The data START

(* If the component of [t] in [T] were bounded, say by [M], the Šura-Bura
   lemma would give a piece of [T] containing [t], contained in the ball of
   radius [M + 1] and clopen relative to the intersection of [T] with the ball
   of radius [M + 3]. Thickening this piece and its complement yields disjoint
   open sets [G1], containing a neighbourhood of [t], and [G2], containing
   everything beyond radius [M + 2], which together cover the points of the
   ball of radius [M + 2] close to [T]. For large [m] the blow-up
   [r_m^-1 (X - x)] is connected, lies close to [T] on that ball, comes close
   to [t] and, as [X] has a point other than [x] while [r_m -> 0], leaves that
   ball: [G1] and [G2] disconnect it. *)

Lemma connected_open_partition (T : topologicalType) (A O1 O2 : set T) :
  connected A -> open O1 -> open O2 -> O1 `&` O2 = set0 ->
  A `<=` O1 `|` O2 -> A `&` O1 !=set0 -> A `&` O2 = set0.
Proof.
move=> cA oO1 oO2 O12 AO AO1; apply/seteqP; split => // v [Av O2v].
have AO1A : A `&` O1 = A.
  apply: cA => //; first by exists O1.
  exists (~` O2); first by rewrite closedC.
  apply/seteqP; split => u [Au Ou]; split => //.
    by move=> O2u; have : (O1 `&` O2) u by []; rewrite O12.
  by case: (AO u Au).
have [_ O1v] : (A `&` O1) v by rewrite AO1A.
by have : (O1 `&` O2) v by []; rewrite O12.
Qed.

Section NormedSpace.
Variables (R : realType) (V : normedModType R).
Implicit Types (A B E P Z : set V) (d e : R).

Definition thickening E e := [set y | exists2 a, E a & `|y - a| < e].

Lemma open_thickening E e : open (thickening E e).
Proof.
rewrite openE => y [a Ea ya]; apply/nbhs_ballP.
exists (e - `|y - a|); first by rewrite /= subr_gt0.
move=> z; rewrite -ball_normE /ball_ /= => yz; exists a => //.
have := ler_normD (z - y) (y - a); rewrite addrA subrK (distrC z y) => tri.
lra.
Qed.

Lemma thickening_self E e : 0 < e -> E `<=` thickening E e.
Proof. by move=> e0 a Ea; exists a; rewrite // subrr normr0. Qed.

Lemma thickening_disjoint A B d e :
  (forall p q, A p -> B q -> d <= `|p - q|) -> 2 * e <= d ->
  thickening A e `&` thickening B e = set0.
Proof.
move=> dAB ed; apply/seteqP; split => // y [[p Ap yp] [q Bq yq]].
have := dAB p q Ap Bq.
have := ler_normD (p - y) (y - q); rewrite addrA subrK (distrC p y); lra.
Qed.

Lemma thickening_norm_lt A b e v :
  (forall p, A p -> `|p| < b) -> thickening A e v -> `|v| < b + e.
Proof.
move=> Ab [p /Ab pb vp]; have := ler_normD p (v - p).
rewrite addrC subrK; lra.
Qed.

Lemma closed_norm_le b : closed [set v : V | `|v| <= b].
Proof.
apply: (@closed_comp _ _ _ [set x : R | x <= b]); last exact: closed_le.
by move=> v _; exact: norm_continuous.
Qed.

Lemma closed_norm_ge b : closed [set v : V | b <= `|v|].
Proof.
apply: (@closed_comp _ _ _ [set x : R | b <= x]); last exact: closed_ge.
by move=> v _; exact: norm_continuous.
Qed.

Lemma open_norm_gt b : open [set v : V | b < `|v|].
Proof.
apply: (@open_comp _ _ _ [set x : R | b < x]); last exact: open_gt.
by move=> v _; exact: norm_continuous.
Qed.

Lemma compact_closed_dist_gt0 P Z : compact P -> closed Z -> P `&` Z = set0 ->
  exists2 d : R, 0 < d & forall p q, P p -> Z q -> d <= `|p - q|.
Proof.
move=> cP cZ PZ.
have : \forall d \near 0^'+, P `<=` [set p | forall q, Z q -> d <= `|p - q|].
  apply: (proj1 (compact_near_coveringP P) cP) => p Pp.
  have nZp : (~` Z) p by move=> Zp; have : (P `&` Z) p by []; rewrite PZ.
  have /nbhs_ballP [r r0 rZ] := open_nbhs_nbhs (conj (closed_openC cZ) nZp).
  exists (ball p (r / 2), [set d : R | d < r / 2]); first split => /=.
  - by apply: nbhsx_ballx; rewrite divr_gt0.
  - by apply: nbhs_right_lt; rewrite divr_gt0.
  move=> [y d] [/= + dr] q Zq; rewrite -ball_normE /ball_ /= => py.
  have rpq : r <= `|p - q|.
    rewrite leNgt; apply/negP => pq; apply: (rZ q) => //.
    by rewrite -ball_normE.
  have := ler_normD (p - y) (y - q); rewrite addrA subrK; lra.
move=> dP; have [d [d0 Pd]] := filter_ex (filterI (nbhs_right_gt (0:R)) dP).
by exists d => // p q Pp; apply: Pd.
Qed.

Section QuasiComponent.
Variables (K : set V) (t : V).
Hypotheses (cK : compact K) (Kt : K t).

Definition clopen_nbhd_in U := [/\ U `<=` K, closed U, closed (K `\` U) & U t].

Definition quasi_component :=
  [set y | K y /\ forall U, clopen_nbhd_in U -> U y].

Let clK : closed K := compact_closed (@norm_hausdorff _ V) cK.

Lemma clopen_nbhd_inT : clopen_nbhd_in K.
Proof. by split => //; rewrite setDv; exact: closed0. Qed.

Lemma clopen_nbhd_inI U W :
  clopen_nbhd_in U -> clopen_nbhd_in W -> clopen_nbhd_in (U `&` W).
Proof.
move=> [UK cU cKU Ut] [_ cW cKW Wt]; split => //.
- by move=> y [/UK].
- exact: closedI.
- by rewrite setDIr; exact: closedU.
Qed.

Lemma quasi_component_refl : quasi_component t.
Proof. by split => // U []. Qed.

Lemma quasi_component_sub : quasi_component `<=` K.
Proof. by move=> y []. Qed.

Lemma closed_quasi_component : closed quasi_component.
Proof.
have -> : quasi_component = K `&` \bigcap_(U in clopen_nbhd_in) U.
  by apply/seteqP; split => y [Ky Uy]; split.
by apply: closedI => //; apply: closed_bigI => U [].
Qed.

(* The clopen neighbourhoods of [t] form a filter base, so by compactness of
   [A] a single one of them avoids [A]. *)
Lemma clopen_nbhd_in_avoid A : compact A -> A `&` quasi_component = set0 ->
  exists2 W, clopen_nbhd_in W & W `&` A = set0.
Proof.
move=> cA AQ.
pose F := filter_from clopen_nbhd_in
  (fun W => [set U | clopen_nbhd_in U /\ U `<=` W]).
have FF : Filter F.
  apply: filter_from_filter; first by exists K; exact: clopen_nbhd_inT.
  move=> U W CU CW; exists (U `&` W); first exact: clopen_nbhd_inI.
  by move=> U' [CU' U'UW]; split; split => // y /U'UW [].
have : \forall U \near F, A `<=` ~` U.
  apply: (proj1 (compact_near_coveringP A) cA) => a Aa.
  have [U0 CU0 nU0a] : exists2 U0, clopen_nbhd_in U0 & ~ U0 a.
    have [Ka|nKa] := pselect (K a); last first.
      by exists K => //; exact: clopen_nbhd_inT.
    apply: contrapT => noU0; suff : (A `&` quasi_component) a by rewrite AQ.
    split => //; split => // U CU; apply: contrapT => nUa; apply: noU0.
    by exists U.
  have [_ cU0 _ _] := CU0.
  exists (~` U0, [set U | clopen_nbhd_in U /\ U `<=` U0]).
    split; last by exists U0.
    exact: open_nbhs_nbhs (conj (closed_openC cU0) nU0a).
  by move=> [y U] [/= nU0y [_ UU0]] /UU0.
case=> W CW WA; exists W => //; apply/seteqP; split => // y [Wy Ay].
exact: (WA W (conj CW (@subset_refl _ W)) y Ay).
Qed.

Lemma clopen_nbhd_in_restrict W G0 G1 : clopen_nbhd_in W ->
  open G0 -> open G1 -> G0 `&` G1 = set0 -> W `<=` G0 `|` G1 -> G0 t ->
  clopen_nbhd_in (W `&` G0).
Proof.
move=> [WK cW cKW Wt] oG0 oG1 G01 WG G0t; split => //.
- by move=> y [/WK].
- have -> : W `&` G0 = W `&` ~` G1.
    apply/seteqP; split => y [Wy Gy]; split => //.
      by move=> G1y; have : (G0 `&` G1) y by []; rewrite G01.
    by case: (WG y Wy).
  by apply: closedI => //; rewrite closedC.
- have -> : K `\` (W `&` G0) = (K `\` W) `|` (W `&` ~` G0).
    apply/seteqP; split => y.
      move=> [Ky nWG0]; have [Wy|nWy] := pselect (W y); [right|left] => //.
      by split => // G0y; apply: nWG0.
    move=> [[Ky nWy]|[Wy nG0y]]; split; [done|by move=> [/nWy]|exact: WK|].
    by move=> [_ /nG0y].
  by apply: closedU => //; apply: closedI => //; rewrite closedC.
Qed.

Lemma quasi_component_unsplit E0 E1 : closed E0 -> closed E1 ->
  E0 `&` E1 = set0 -> quasi_component = E0 `|` E1 -> E0 t -> E1 = set0.
Proof.
move=> cE0 cE1 E01 QE E0t.
have E0K : E0 `<=` K.
  by move=> y E0y; apply: quasi_component_sub; rewrite QE; left.
have [d d_gt0 dE] :=
  compact_closed_dist_gt0 (subclosed_compact cE0 cK E0K) cE1 E01.
have d2_gt0 : 0 < d / 2 by rewrite divr_gt0.
pose G0 := thickening E0 (d / 2); pose G1 := thickening E1 (d / 2).
have G01 : G0 `&` G1 = set0 by apply: thickening_disjoint dE _; lra.
pose A := K `&` ~` (G0 `|` G1).
have cA : compact A.
  apply: compact_closedI cK _; rewrite closedC.
  by apply: openU; exact: open_thickening.
have AQ : A `&` quasi_component = set0.
  apply/seteqP; split => // y [[_ nG]]; rewrite QE => -[E0y|E1y]; apply: nG.
  - by left; exact: thickening_self.
  - by right; exact: thickening_self.
have [W CW WA] := clopen_nbhd_in_avoid cA AQ.
have WG : W `<=` G0 `|` G1.
  move=> y Wy; apply: contrapT => nG; suff : (W `&` A) y by rewrite WA.
  by have [WK _ _ _] := CW; split => //; split => //; exact: WK.
have CWG0 := clopen_nbhd_in_restrict CW (open_thickening _ _)
  (open_thickening _ _) G01 WG (thickening_self d2_gt0 E0t).
apply/seteqP; split => // y E1y.
have [_ /(_ _ CWG0) [_ G0y]] : quasi_component y by rewrite QE; right.
suff : (G0 `&` G1) y by rewrite G01.
by split => //; exact: thickening_self.
Qed.

Lemma quasi_component_connected : connected quasi_component.
Proof.
move=> B [b Bb] [G oG BG] [F cF BF].
have cB : closed B by rewrite BF; exact: closedI closed_quasi_component cF.
have cB' : closed (quasi_component `&` ~` G).
  by apply: closedI closed_quasi_component _; rewrite closedC.
have BB' : B `&` (quasi_component `&` ~` G) = set0.
  by apply/seteqP; split => // y; rewrite BG => -[[_ Gy] [_ nGy]].
have QB : quasi_component = B `|` (quasi_component `&` ~` G).
  apply/seteqP; split => [y Qy|y [|[]//]]; last by rewrite BG => -[].
  by have [Gy|nGy] := pselect (G y); [left; rewrite BG|right].
have [Bt|nBt] := pselect (B t).
  by rewrite QB (quasi_component_unsplit cB cB' BB' QB Bt) setU0.
have B'B : (quasi_component `&` ~` G) `&` B = set0 by rewrite setIC.
have B't : (quasi_component `&` ~` G) t.
  split; first exact: quasi_component_refl.
  by move=> Gt; apply: nBt; rewrite BG; split; [exact: quasi_component_refl|].
rewrite setUC in QB.
by rewrite (quasi_component_unsplit cB' cB B'B QB B't) in Bb.
Qed.

Lemma quasi_component_sub_component :
  quasi_component `<=` connected_component K t.
Proof.
apply: connected_component_max quasi_component_refl quasi_component_sub _.
exact: quasi_component_connected.
Qed.

Lemma clopen_nbhd_in_avoid_component S : compact S ->
  S `&` connected_component K t = set0 ->
  exists2 U, clopen_nbhd_in U & U `&` S = set0.
Proof.
move=> cS SC; apply: clopen_nbhd_in_avoid => //.
apply/seteqP; split => // y [Sy /quasi_component_sub_component Cy].
by have : (S `&` connected_component K t) y by []; rewrite SC.
Qed.

End QuasiComponent.
End NormedSpace.

Section RowVectors.
Variables (R : realType) (N : nat).
Implicit Types (v : 'rV[R]_N) (A B T X : set 'rV[R]_N).

Lemma entry_le_norm v i : `|v ord0 i| <= `|v|.
Proof.
have /mapP[j _ ->] : `|v ord0 i| \in [seq `|v x.1 x.2| | x : 'I_1 * 'I_N].
  by apply/mapP; exists (ord0, i) => //=; rewrite mem_enum.
have -> : `|v| = mx_norm v by [].
by rewrite mx_normrE; apply/bigmax_geP; right => /=; exists j.
Qed.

The data END

▶ **Task to carry out**
All lines from the one containing "have /mapP[j _" to the last line above should be reproduced exactly, and no other lines should be given.

▶ **Solution for this exercise**
have /mapP[j _ ->] : `|v ord0 i| \in [seq `|v x.1 x.2| | x : 'I_1 * 'I_N].
  by apply/mapP; exists (ord0, i) => //=; rewrite mem_enum.
have -> : `|v| = mx_norm v by [].
by rewrite mx_normrE; apply/bigmax_geP; right => /=; exists j.
Qed.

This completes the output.